§ **Given data**
Lemma sensitive_of_hyperspace_sensitive (f : nat -> X -> X) :
  strongly_sensitive (in_KX d) (hausdorff_dist d) (induced f) ->
  strongly_sensitive (fun _ => True) d f.
Proof.
  intros [delta [delta_pos Hsens]]. exists delta. split; [exact delta_pos |].
  intros x U _ [r [rpos HU]].
  set (point := fun z => In z (x :: nil)).
  set (in_ball := fun B : X -> Prop => forall b, B b -> d x b < r).
  assert (Hnbhd : nbhd_in (hausdorff_dist d) (in_KX d) point in_ball).
  { exists r. split; [exact rpos |]. intros B [Bne _] Hlt b Hb.
    assert (d b x <= point_set_dist d b point).
    { apply point_set_dist_ge; [exists x; left; reflexivity | intros z [<- | []]; lra]. }
    pose proof (point_set_dist_le_hausdorff_r point B b (ex_intro _ x (or_introl eq_refl)) Hb).
    rewrite d_sym. lra. }
  assert (Hpoint : in_KX d point).
  { apply in_KX_of_list with x (x :: nil); [left; reflexivity | intros z Hz; exact Hz]. }
  destruct (Hsens point in_ball Hpoint Hnbhd) as [K HK]. exists K. intros n Hn.
  specialize (HK n Hn).
  apply diam_gt_elim in HK as (P & Q & [HP [B1 [HB1 ->]]] & [HQ [B2 [HB2 ->]]] & HPQ);
    [| exists (omega (induced f) n point)].
  2:{ rewrite omega_induced. split; [apply in_KX_image_list with x; left; reflexivity |].
      exists point. split; [| symmetry; apply omega_induced].
      intros b [<- | []]. rewrite d_refl. exact rpos. }
  rewrite !omega_induced in *.
  destruct HP as [HP _], HQ as [HQ _].
  destruct (hausdorff_dist_gt_far_pair _ _ _ HP HQ HPQ)
    as (p & q & [b1 [Hb1 ->]] & [b2 [Hb2 ->]] & Hpq).
  apply diam_gt_intro with M; [intros; apply d_bounded |].
  exists (omega f n b1), (omega f n b2).
  split; [| split]; [split; [exact I | exists b1; auto] | split; [exact I | exists b2; auto] |].
  exact Hpq.
Qed.

Lemma hyperspace_spread (g : X -> X) (A : X -> Prop) a0 cs r delta :
  0 < r -> A a0 -> (forall c, In c cs -> A c) ->
  (forall a, A a -> exists c, In c cs /\ d c a < r) ->
  (forall c, In c cs -> delta < diam d (fun y => True /\ image g (fun y => d c y < r) y)) ->
  exists ly, (exists y0, In y0 ly) /\
    hausdorff_dist d A (fun y => In y (a0 :: ly)) <= 2 * r /\
    hausdorff_dist d A (fun y => In y ly) <= 2 * r /\
    delta / 2 <= hausdorff_dist d (image g (fun y => In y (a0 :: ly)))
                                  (image g (fun y => In y ly)).
Proof.
  intros rpos Ha0 Hcs Hnet Hdiam.
  destruct (far_sample g cs r delta (g a0) rpos Hdiam) as [ly [Hcover Hsrc]].
  destruct (Hnet a0 Ha0) as [c0 [Hc0 _]].
  destruct (Hcover c0 Hc0) as [y0 [Hy0 _]].
  assert (Hclose : forall D : X -> Prop, (forall y, In y ly -> D y) ->
            (forall y, D y -> y = a0 \/ In y ly) -> hausdorff_dist d A D <= 2 * r).
  { intros D Hly_D HD_ly.
    apply hausdorff_dist_le_of_close; [eauto | eauto | |].
    - intros a Ha. destruct (Hnet a Ha) as [c [Hc Hca]].
      destruct (Hcover c Hc) as [y [Hy Hcy]].
      exists y. split; [auto |]. pose proof (d_triangle a c y). rewrite (d_sym a c) in *. lra.
    - intros y Hy. destruct (HD_ly y Hy) as [-> | Hy'].
      + exists a0. rewrite d_refl. split; [exact Ha0 | lra].
      + destruct (Hsrc y Hy') as [[c [Hc Hcy]] _].
        exists c. rewrite d_sym. split; [auto | lra]. }
  exists ly. split; [eauto |]. split; [| split].
  - apply Hclose; [right; assumption | intros y [<- | Hy]; auto].
  - apply Hclose; auto.
  - eapply Rle_trans; [| apply point_set_dist_le_hausdorff_l with (a := g a0)].
    + apply point_set_dist_ge; [exists (g y0), y0; auto |].
      intros z [y [Hy ->]]. apply Rlt_le, (proj2 (Hsrc y Hy)).
    + exists (g y0), y0; auto.
    + exists a0. split; [left |]; reflexivity.
Qed.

§ **Work to be completed**
Copy out, exactly and alone, the lines of the entries above between the ones holding "destruct (Hsens point" and "hausdorff_dist d A (fun y => In y (a0", inclusive.

§ **Response area**
  destruct (Hsens point in_ball Hpoint Hnbhd) as [K HK]. exists K. intros n Hn.
  specialize (HK n Hn).
  apply diam_gt_elim in HK as (P & Q & [HP [B1 [HB1 ->]]] & [HQ [B2 [HB2 ->]]] & HPQ);
    [| exists (omega (induced f) n point)].
  2:{ rewrite omega_induced. split; [apply in_KX_image_list with x; left; reflexivity |].
      exists point. split; [| symmetry; apply omega_induced].
      intros b [<- | []]. rewrite d_refl. exact rpos. }
  rewrite !omega_induced in *.
  destruct HP as [HP _], HQ as [HQ _].
  destruct (hausdorff_dist_gt_far_pair _ _ _ HP HQ HPQ)
    as (p & q & [b1 [Hb1 ->]] & [b2 [Hb2 ->]] & Hpq).
  apply diam_gt_intro with M; [intros; apply d_bounded |].
  exists (omega f n b1), (omega f n b2).
  split; [| split]; [split; [exact I | exists b1; auto] | split; [exact I | exists b2; auto] |].
  exact Hpq.
Qed.

Lemma hyperspace_spread (g : X -> X) (A : X -> Prop) a0 cs r delta :
  0 < r -> A a0 -> (forall c, In c cs -> A c) ->
  (forall a, A a -> exists c, In c cs /\ d c a < r) ->
  (forall c, In c cs -> delta < diam d (fun y => True /\ image g (fun y => d c y < r) y)) ->
  exists ly, (exists y0, In y0 ly) /\
    hausdorff_dist d A (fun y => In y (a0 :: ly)) <= 2 * r /\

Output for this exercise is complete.